Dell Horoscope
- Editor: Ronnie Grishman
- Categories: Astrology
- Frequency: Monthly
- Publisher: Dell Magazines
- Total circulation: 22,407 (2017)
- Founded: 1935
- Final issue: March/April 2020
- Company: Penny Publications
- Country: United States
- Based in: Norwalk, Connecticut
- Language: English
- Website: www.dellhoroscope.com
- ISSN: 1080-1421

= Dell Horoscope =

Monthly Magazine of Personal Astrology

Dell Horoscope was a periodic American magazine originally published by Dell Magazines and then sold to Penny Publications covering modern astrology, calling itself "the world's leading astrology magazine". It was in circulation between 1935 and 2020.

==History==
The magazine was first published in November 1935 with the title Your Daily Horoscope: The Monthly Magazine of Personal Astrology. Its title changed several times during its existence. The magazine was published in New York City from its start in 1935 to 1985.

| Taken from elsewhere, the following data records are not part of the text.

(* For a restless bandit as in the context, every stationary policy $u$, every $S\subseteq N^{\{0,1\}}$ and every $i\in N$, $$v^S_i+\sum_{j\in S}c^S_j\,x^{0,u}_{ij}=v^u_i+\sum_{j\in N^{\{0,1\}}\setminus S}c^S_j\,x^{1,u}_{ij}.$$
   Context: Restless bandit: finite state space $N=N^{\{0,1\}}\cup N^{\{1\}}$ (disjoint); actions $a\in\{0,1\}$; one-period costs $h^a_i$; transition probabilities $p^a_{ij}$, with $p^1_{ij}=p^0_{ij}$ and $h^1_i=h^0_i$ for $i\in N^{\{1\}}$ (no effective choice there); discount factor $\beta\in(0,1)$. Stationary policies $u:N\to[0,1]$ (probability of active action) with $u(i)=1$ on $N^{\{1\}}$. $v^u_i=E^u_i[\sum_{t\ge0}h^{a(t)}_{X(t)}\beta^t]$, $x^{a,u}_{ij}=E^u_i[\sum_{t\ge0}1\{X(t)=j,a(t)=a\}\beta^t]$. For $S\subseteq N^{\{0,1\}}$ the $S$-active policy is active on $S\cup N^{\{1\}}$ and passive elsewhere; $v^S_i$ its cost measure. Marginal costs: $c^S_i=h^0_i-h^1_i+\beta\sum_{j\in N}(p^0_{ij}-p^1_{ij})v^S_j$. *)

From HB Require Import structures.
From mathcomp Require Import all_boot all_order all_algebra.
From mathcomp Require Import all_classical all_reals all_analysis.
Set Implicit Arguments. Unset Strict Implicit. Unset Printing Implicit Defensive.
Import Order.TTheory GRing.Theory Num.Theory.
Local Open Scope ring_scope.

Section Bandit.
Context {R : realType} {T : finType}.

Definition infsum (f : nat -> R) : R := limn (fun n => \sum_(0 <= t < n) f t).

(* One-step transition kernel under the stationary randomized policy u
   (u i = probability of choosing the active action 1 in state i). *)
Definition Ppol (p0 p1 : T -> T -> R) (u : T -> R) (i j : T) : R :=
  (1 - u i) * p0 i j + u i * p1 i j.

Fixpoint Pstep (p0 p1 : T -> T -> R) (u : T -> R) (t : nat) (i j : T) : R :=
  match t with
  | 0%N => (i == j)%:R
  | t'.+1 => \sum_(k : T) Pstep p0 p1 u t' i k * Ppol p0 p1 u k j
  end.

Definition actprob (u : T -> R) (a : bool) (j : T) : R :=
  if a then u j else 1 - u j.

(* v^u_i = E^u_i [ sum_t h^{a(t)}_{X(t)} beta^t ] *)
Definition vcost (p0 p1 : T -> T -> R) (h0 h1 : T -> R) (beta : R)
  (u : T -> R) (i : T) : R :=
  infsum (fun t => beta ^+ t *
    \sum_(j : T) Pstep p0 p1 u t i j * (actprob u false j * h0 j + actprob u true j * h1 j)).

(* x^{a,u}_{ij} = E^u_i [ sum_t 1{X(t)=j, a(t)=a} beta^t ] *)
Definition xmeas (p0 p1 : T -> T -> R) (beta : R) (a : bool)
  (u : T -> R) (i j : T) : R :=
  infsum (fun t => beta ^+ t * (Pstep p0 p1 u t i j * actprob u a j)).

Definition Sactive (N1 S : {set T}) (j : T) : R :=
  if (j \in S) || (j \in N1) then 1 else 0.

Definition mcost (p0 p1 : T -> T -> R) (h0 h1 : T -> R) (beta : R)
  (N1 S : {set T}) (i : T) : R :=
  h0 i - h1 i + beta * \sum_(j : T) (p0 i j - p1 i j) * vcost p0 p1 h0 h1 beta (Sactive N1 S) j.

End Bandit.

(* Write r^z and K^z for the expected one-step cost and the transition kernel
   of a policy z.  The discounted occupation measure x^u = sum_t beta^t (K^u)^t
   satisfies x^u (I - beta K^u) = I, so every function v on states equals
   x^u (v - beta K^u v).  Take v = v^S: by Bellman's equation v = r^S + beta K^S v,
   and since r^z_j + beta (K^z v)_j is affine in the activation probability z_j
   with slope -c^S_j, v_j - beta (K^u v)_j = r^u_j + (u_j - S_j) c^S_j.  Summing
   against x^u gives v^u_i plus the two correction terms: u_j - 1 = -(1 - u_j) on S
   produces the x^{0,u} sum, u_j - 0 off S and N^{1} the x^{1,u} sum, and on N^{1}
   both policies are active. *)

From HB Require Import structures.
From mathcomp Require Import all_boot all_order all_algebra.
From mathcomp Require Import all_classical all_reals all_analysis.
From mathcomp Require Import ring.
Set Implicit Arguments. Unset Strict Implicit. Unset Printing Implicit Defensive.
Import Order.TTheory GRing.Theory Num.Theory.
Import numFieldNormedType.Exports.
Local Open Scope classical_set_scope.
Local Open Scope ring_scope.

Section Infsum.
Context {R : realType}.
Implicit Types (a : nat -> R) (c : R).

Lemma cvg_big_sum (I : Type) (r : seq I) (a : I -> nat -> R) (l : I -> R) :
  (forall j, a j n @[n --> \oo] --> l j) ->
  \sum_(j <- r) a j n @[n --> \oo] --> \sum_(j <- r) l j.
Proof.
move=> al; elim: r => [|j r IH].
  by rewrite big_nil; under eq_fun do rewrite big_nil; exact: cvg_cst.
by rewrite big_cons; under eq_fun do rewrite big_cons; exact: cvgD.
Qed.

Lemma is_cvg_series_geometric_bound a (M q : R) :
  0 <= q -> q < 1 -> (forall t, `|a t| <= M * q ^+ t) -> cvgn (series a).
Proof.
move=> q_ge0 q_lt1 a_le; apply: normed_cvg.
apply: (@series_le_cvg _ _ (geometric M q)) => // [n|n|].
- exact: normr_ge0.
- exact: le_trans (normr_ge0 _) (a_le n).
- by apply: is_cvg_geometric_series; rewrite ger0_norm.
Qed.

Lemma is_cvg_seriesMl a c : cvgn (series a) -> cvgn (series (fun t => c * a t)).
Proof.
move=> ca; apply/cvg_ex; exists (c * limn (series a)).
by rewrite /series /=; under eq_fun do rewrite -mulr_sumr; exact: cvgMl_tmp.
Qed.

Lemma infsumMl a c : cvgn (series a) -> infsum (fun t => c * a t) = c * infsum a.
Proof.
move=> ca; apply: cvg_lim => //.
by under eq_fun do rewrite -mulr_sumr; exact: cvgMl_tmp.
Qed.

Lemma infsum_sum (I : Type) (r : seq I) (a : I -> nat -> R) :
  (forall j, cvgn (series (a j))) ->
  infsum (fun t => \sum_(j <- r) a j t) = \sum_(j <- r) infsum (a j).
Proof.
move=> ca; apply: cvg_lim => //.
by under eq_fun do rewrite exchange_big /=; exact: cvg_big_sum.
Qed.

Lemma infsum_sumMl (I : Type) (r : seq I) (c : I -> R) (a : I -> nat -> R) :
  (forall j, cvgn (series (a j))) ->
  infsum (fun t => \sum_(j <- r) c j * a j t) = \sum_(j <- r) c j * infsum (a j).
Proof.
move=> ca; rewrite infsum_sum => [|j]; last exact: is_cvg_seriesMl.
by apply: eq_bigr => j _; rewrite infsumMl.
Qed.

Lemma infsumS a : cvgn (series a) -> infsum a = a 0%N + infsum (fun t => a t.+1).
Proof.
move=> ca.
have seriesS n : series a n.+1 = a 0%N + series (fun t => a t.+1) n.
  by rewrite /series /= big_nat_recl.
have caS : cvgn (series (fun t => a t.+1)).
  apply/cvg_ex; exists (limn (series a) - a 0%N).
  have -> : series (fun t => a t.+1) = fun n => series a n.+1 - a 0%N.
    by apply: funext => n; rewrite seriesS addrC addKr.
  apply: cvgB; last exact: cvg_cst.
  by rewrite (cvg_shiftS (series a)).
apply: cvg_lim => //; rewrite -cvg_shiftS /=.
under eq_fun do rewrite big_nat_recl //.
exact: cvgD (cvg_cst _) caS.
Qed.

End Infsum.

Lemma sum_delta_l {R : realType} {T : finType} (i : T) (F : T -> R) :
  \sum_j (i == j)%:R * F j = F i.
Proof.
rewrite (bigD1 i) //= eqxx mul1r big1 ?addr0 // => k /negbTE.
by rewrite eq_sym => ->; rewrite mul0r.
Qed.

Lemma sum_delta_r {R : realType} {T : finType} (i : T) (F : T -> R) :
  \sum_j F j * (j == i)%:R = F i.
Proof.
rewrite (bigD1 i) //= eqxx mulr1 big1 ?addr0 // => k /negbTE ->.
by rewrite mulr0.
Qed.

Definition reward {R : realType} {T : finType} (h0 h1 u : T -> R) (j : T) : R :=
  actprob u false j * h0 j + actprob u true j * h1 j.

Section DiscountedChain.
Context {R : realType} {T : finType}.
Variables (p0 p1 : T -> T -> R) (w : T -> R) (beta : R).
Hypothesis Ppol_ge0 : forall i j, 0 <= Ppol p0 p1 w i j.
Hypothesis Ppol_sum1 : forall i, \sum_j Ppol p0 p1 w i j = 1.
Hypothesis beta_ge0 : 0 <= beta.
Hypothesis beta_lt1 : beta < 1.

Local Notation K := (Ppol p0 p1 w).
Local Notation P := (Pstep p0 p1 w).

Lemma Pstep_ge0 t i j : 0 <= P t i j.
Proof.
elim: t i j => [|t IH] i j /=; first by rewrite ler0n.
by apply: sumr_ge0 => k _; apply: mulr_ge0.
Qed.

Lemma Pstep_sum1 t i : \sum_j P t i j = 1.
Proof.
elim: t i => [|t IH] i /=.
  by under eq_bigr do rewrite -[_%:R]mulr1; rewrite sum_delta_l.
rewrite exchange_big /= -[RHS](IH i); apply: eq_bigr => k _.
by rewrite -mulr_sumr Ppol_sum1 mulr1.
Qed.

Lemma Pstep_le1 t i j : P t i j <= 1.
Proof.
rewrite -(Pstep_sum1 t i) (bigD1 j) //= lerDl.
by apply: sumr_ge0 => k _; apply: Pstep_ge0.
Qed.

Lemma PstepSl t i j : P t.+1 i j = \sum_k K i k * P t k j.
Proof.
elim: t i j => [|t IH] i j.
  by rewrite /= sum_delta_l; under eq_bigr do rewrite /=; rewrite sum_delta_r.
rewrite -[LHS]/(\sum_k P t.+1 i k * K k j).
under eq_bigr => k _ do rewrite IH mulr_suml.
rewrite exchange_big /=; apply: eq_bigr => l _.
by rewrite mulr_sumr; apply: eq_bigr => k _; rewrite mulrA.
Qed.

Definition occupation (i j : T) : R := infsum (fun t => beta ^+ t * P t i j).

Lemma is_cvg_occupation i j : cvgn (series (fun t => beta ^+ t * P t i j)).
Proof.
apply: (@is_cvg_series_geometric_bound _ _ 1 beta) => // t.
rewrite mul1r normrM !ger0_norm ?exprn_ge0 ?Pstep_ge0 //.
by rewrite -[leRHS]mulr1 ler_wpM2l ?exprn_ge0 ?Pstep_le1.
Qed.
(* [cvgn] unfolds to a product, which would make [i] and [j] implicit. *)
Arguments is_cvg_occupation : clear implicits.

Lemma occupation_forward i k :
  occupation i k = (i == k)%:R + beta * \sum_j occupation i j * K j k.
Proof.
rewrite {1}/occupation (infsumS (is_cvg_occupation i k)) expr0 mul1r; congr (_ + _).
transitivity (infsum (fun t => \sum_j (beta * K j k) * (beta ^+ t * P t i j))).
  by congr infsum; apply: funext => t /=; rewrite exprS mulr_sumr;
     apply: eq_bigr => j _; ring.
rewrite infsum_sumMl => [|j]; last exact: is_cvg_occupation.
by rewrite mulr_sumr; apply: eq_bigr => j _; rewrite /occupation; ring.
Qed.

Lemma occupation_backward i k :
  occupation i k = (i == k)%:R + beta * \sum_j K i j * occupation j k.
Proof.
rewrite {1}/occupation (infsumS (is_cvg_occupation i k)) expr0 mul1r; congr (_ + _).
transitivity (infsum (fun t => \sum_j (beta * K i j) * (beta ^+ t * P t j k))).
  by congr infsum; apply: funext => t; rewrite PstepSl exprS mulr_sumr;
     apply: eq_bigr => j _; ring.
rewrite infsum_sumMl => [|j]; last exact: is_cvg_occupation.
by rewrite mulr_sumr; apply: eq_bigr => j _; rewrite /occupation; ring.
Qed.

Lemma vcostE h0 h1 i :
  vcost p0 p1 h0 h1 beta w i = \sum_j occupation i j * reward h0 h1 w j.
Proof.
transitivity (infsum (fun t => \sum_j reward h0 h1 w j * (beta ^+ t * P t i j))).
  rewrite /vcost; congr infsum; apply: funext => t; rewrite mulr_sumr.
  by apply: eq_bigr => j _; rewrite /reward; ring.
rewrite infsum_sumMl => [|j]; last exact: is_cvg_occupation.
by apply: eq_bigr => j _; rewrite mulrC.
Qed.

Lemma xmeasE a i j : xmeas p0 p1 beta a w i j = occupation i j * actprob w a j.
Proof.
rewrite /xmeas; under eq_fun do rewrite mulrA mulrC.
by rewrite (infsumMl _ (is_cvg_occupation i j)) mulrC.
Qed.

Lemma sum_xmeas (A : {set T}) (c : T -> R) a i :
  \sum_(j in A) c j * xmeas p0 p1 beta a w i j
  = \sum_j occupation i j * (if j \in A then c j * actprob w a j else 0).
Proof.
rewrite big_mkcond; apply: eq_bigr => j _; rewrite xmeasE.
by case: ifP => _; [rewrite mulrCA | rewrite mulr0].
Qed.

Lemma vcost_bellman h0 h1 i :
  vcost p0 p1 h0 h1 beta w i
  = reward h0 h1 w i + beta * \sum_k K i k * vcost p0 p1 h0 h1 beta w k.
Proof.
rewrite vcostE; under eq_bigr do rewrite occupation_backward mulrDl.
rewrite big_split sum_delta_l /=; congr (_ + _).
under eq_bigr do rewrite -mulrA (@mulr_suml R).
rewrite -mulr_sumr exchange_big /=; congr (_ * _); apply: eq_bigr => k _.
by rewrite vcostE mulr_sumr; apply: eq_bigr => j _; rewrite mulrA.
Qed.

Lemma occupation_telescope (v : T -> R) i :
  \sum_j occupation i j * (v j - beta * \sum_k K j k * v k) = v i.
Proof.
have occ_step k : beta * \sum_j occupation i j * K j k = occupation i k - (i == k)%:R.
  by rewrite [in RHS]occupation_forward addrC addKr.
transitivity (\sum_k occupation i k * v k
              - \sum_k (beta * \sum_j occupation i j * K j k) * v k).
  under eq_bigr do rewrite mulrBr; rewrite sumrB; congr (_ - _).
  under eq_bigr do rewrite mulrCA mulr_sumr; rewrite -mulr_sumr exchange_big /=.
  rewrite mulr_sumr; apply: eq_bigr => k _; rewrite -mulrA (@mulr_suml R).
  by congr (_ * _); apply: eq_bigr => j _; rewrite mulrA.
under [X in _ - X]eq_bigr do rewrite occ_step mulrBl.
by rewrite sumrB sum_delta_l opprB addrC subrK.
Qed.

End DiscountedChain.

Section PolicyComparison.
Context {R : realType} {T : finType}.

Lemma Ppol_ge0 (p0 p1 : T -> T -> R) (u : T -> R) :
  (forall i j, 0 <= p0 i j) -> (forall i j, 0 <= p1 i j) ->
  (forall i, 0 <= u i) -> (forall i, u i <= 1) ->
  forall i j, 0 <= Ppol p0 p1 u i j.
Proof.
move=> p0_ge0 p1_ge0 u_ge0 u_le1 i j.
by rewrite /Ppol addr_ge0 ?mulr_ge0 ?subr_ge0.
Qed.

Lemma Ppol_sum1 (p0 p1 : T -> T -> R) (u : T -> R) :
  (forall i, \sum_j p0 i j = 1) -> (forall i, \sum_j p1 i j = 1) ->
  forall i, \sum_j Ppol p0 p1 u i j = 1.
Proof.
move=> p0_sum1 p1_sum1 i.
by rewrite /Ppol big_split /= -!mulr_sumr p0_sum1 p1_sum1 !mulr1 subrK.
Qed.

Lemma Ppol_mean (p0 p1 : T -> T -> R) (u v : T -> R) j :
  \sum_k Ppol p0 p1 u j k * v k
  = actprob u false j * \sum_k p0 j k * v k + actprob u true j * \sum_k p1 j k * v k.
Proof.
rewrite /Ppol /actprob !mulr_sumr -big_split /=.
by apply: eq_bigr => k _; rewrite mulrDl !mulrA.
Qed.

Lemma one_step_cost_difference (h0 h1 : T -> R) (p0 p1 : T -> T -> R) (beta : R)
    (v u w : T -> R) j :
  reward h0 h1 w j + beta * \sum_k Ppol p0 p1 w j k * v k
  - (reward h0 h1 u j + beta * \sum_k Ppol p0 p1 u j k * v k)
  = (u j - w j) * (h0 j - h1 j + beta * \sum_k (p0 j k - p1 j k) * v k).
Proof.
rewrite !Ppol_mean /reward /actprob.
under [in RHS]eq_bigr do rewrite mulrBl.
rewrite sumrB; ring.
Qed.

Lemma Sactive_gap (N1 S : {set T}) (u : T -> R) (c : R) j :
  S \subset ~: N1 -> (forall i, i \in N1 -> u i = 1) ->
  (u j - Sactive N1 S j) * c
  = (if j \in ~: N1 :\: S then c * actprob u true j else 0)
    - (if j \in S then c * actprob u false j else 0).
Proof.
move=> SN01 uN1; rewrite /Sactive /actprob finset.in_setD finset.in_setC.
have [jN1|_] := boolP (j \in N1).
  have jS : j \notin S.
    by apply: contraL jN1 => /(fintype.subsetP SN01); rewrite finset.in_setC.
  by rewrite (negbTE jS) uN1 // !subrr mul0r.
by case: (j \in S) => /=; ring.
Qed.

End PolicyComparison.

Theorem proposition6 (R : realType) (T : finType)
  (N1 : {set T})                      (* N^{1}; N^{0,1} = ~: N1 *)
  (h0 h1 : T -> R) (p0 p1 : T -> T -> R) (beta : R)
  (p0_ge0 : forall i j, 0 <= p0 i j) (p1_ge0 : forall i j, 0 <= p1 i j)
  (p0_sum1 : forall i, \sum_(j : T) p0 i j = 1)
  (p1_sum1 : forall i, \sum_(j : T) p1 i j = 1)
  (hN1 : forall i, i \in N1 -> h1 i = h0 i)
  (pN1 : forall i j, i \in N1 -> p1 i j = p0 i j)
  (beta_gt0 : 0 < beta) (beta_lt1 : beta < 1)
  (u : T -> R) (u_ge0 : forall i, 0 <= u i) (u_le1 : forall i, u i <= 1)
  (uN1 : forall i, i \in N1 -> u i = 1)
  (S : {set T}) (HS : S \subset ~: N1) (i : T) :
  vcost p0 p1 h0 h1 beta (Sactive N1 S) i
    + \sum_(j in S) mcost p0 p1 h0 h1 beta N1 S j * xmeas p0 p1 beta false u i j
  = vcost p0 p1 h0 h1 beta u i
    + \sum_(j in ~: N1 :\: S) mcost p0 p1 h0 h1 beta N1 S j * xmeas p0 p1 beta true u i j.
Proof.
set w := Sactive N1 S; set v := vcost p0 p1 h0 h1 beta w.
set c := mcost p0 p1 h0 h1 beta N1 S.
have w_ge0 j : 0 <= w j by rewrite /w /Sactive; case: ifP.
have w_le1 j : w j <= 1 by rewrite /w /Sactive; case: ifP.
have beta_ge0 := ltW beta_gt0.
have Kw_ge0 := Ppol_ge0 p0_ge0 p1_ge0 w_ge0 w_le1.
have Ku_ge0 := Ppol_ge0 p0_ge0 p1_ge0 u_ge0 u_le1.
have Kw_sum1 := Ppol_sum1 w p0_sum1 p1_sum1.
have Ku_sum1 := Ppol_sum1 u p0_sum1 p1_sum1.
have gap j : v j - beta * \sum_k Ppol p0 p1 u j k * v k
             = reward h0 h1 u j + (u j - w j) * c j.
  have := one_step_cost_difference h0 h1 p0 p1 beta v u w j.
  rewrite -(vcost_bellman Kw_ge0 Kw_sum1 beta_ge0 beta_lt1) -/v => diff.
  by rewrite /c /mcost -/w -/v -diff; ring.
rewrite !(sum_xmeas Ku_ge0 Ku_sum1 beta_ge0 beta_lt1).
rewrite -{1}(occupation_telescope Ku_ge0 Ku_sum1 beta_ge0 beta_lt1 v i).
under eq_bigr => j _ do rewrite gap (Sactive_gap (c j) j HS uN1) mulrDr mulrBr.
rewrite big_split sumrB -(vcostE Ku_ge0 Ku_sum1 beta_ge0 beta_lt1) /=.
ring.
Qed.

The publication received attention outside of the astrology community in recent years because of a 1979 article by Richard Nolle defining the concept of a supermoon.

According to its most recent statement of ownership published in the January 2018 issue, paid circulation of the magazine was 22,407 per issue.

Subscriptions were offered in print and digital formats. Print versions were found on newsstands or often in supermarket checkouts. In addition to the monthly periodical, annual yearbooks are published as well.

Dell Horoscope ended publication with the March/April 2020 issue.